======== Record extracts

Definition letter_wt (F : fieldType) m (x : 'I_m -> F) (z : F) (k : letter m) : F :=
  match (insub (k./2) : option 'I_m) with
  | Some i => if odd k then (x i)^-1 else x i
  | None => z
  end.

Definition osp_wt (F : fieldType) m la (x : 'I_m -> F) (z : F) (T : filling m la) : F :=
  \prod_(rc : 'I_(shapeR la) * 'I_(shapeC la) | in_shape la rc.1 rc.2)
     letter_wt x z (T rc).

Definition spo (F : fieldType) m (la : seq nat) (x : 'I_m -> F) (z : F) : F :=
  \sum_(T : filling m la | is_osp_tableau T) osp_wt x z T.

(* The field of rational functions in x_1..x_n, z: variables 'X_i (i < n) are
   x_{i+1}, and 'X_n is z. *)
Definition RatF (n : nat) := {fraction {mpoly int[n.+1]}}.
Definition xvar n (i : 'I_n) : RatF n := tofrac ('X_(widen_ord (leqnSn n) i)).
Definition zvar n : RatF n := tofrac ('X_(ord_max)).

Definition subst_x1_0 n (P : {mpoly int[n.+1]}) : RatF n :=
  mmap (fun c : int => c%:~R) (fun j : 'I_n.+1 => if val j == 0%N then 0 else tofrac 'X_j) P.

(* x_{i+2}, i < n-1: the variables x_2..x_n, read in RatF n *)
Definition xtail n (i : 'I_n.-1) : RatF n := tofrac ('X_(inord i.+1 : 'I_n.+1)).

From HB Require Import structures.
From mathcomp Require Import all_boot all_order all_algebra fraction.
From mathcomp Require Import mpoly.
From mathcomp Require Import zify ring.
Set Implicit Arguments. Unset Strict Implicit. Unset Printing Implicit Defensive.
Import Order.TTheory GRing.Theory Num.Theory.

================

Return, word for word, every line from the top of the entries down to the line that holds "letter_wt x z (T rc).", both included.

*Answer for the task*.
Definition letter_wt (F : fieldType) m (x : 'I_m -> F) (z : F) (k : letter m) : F :=
  match (insub (k./2) : option 'I_m) with
  | Some i => if odd k then (x i)^-1 else x i
  | None => z
  end.

Definition osp_wt (F : fieldType) m la (x : 'I_m -> F) (z : F) (T : filling m la) : F :=
  \prod_(rc : 'I_(shapeR la) * 'I_(shapeC la) | in_shape la rc.1 rc.2)
     letter_wt x z (T rc).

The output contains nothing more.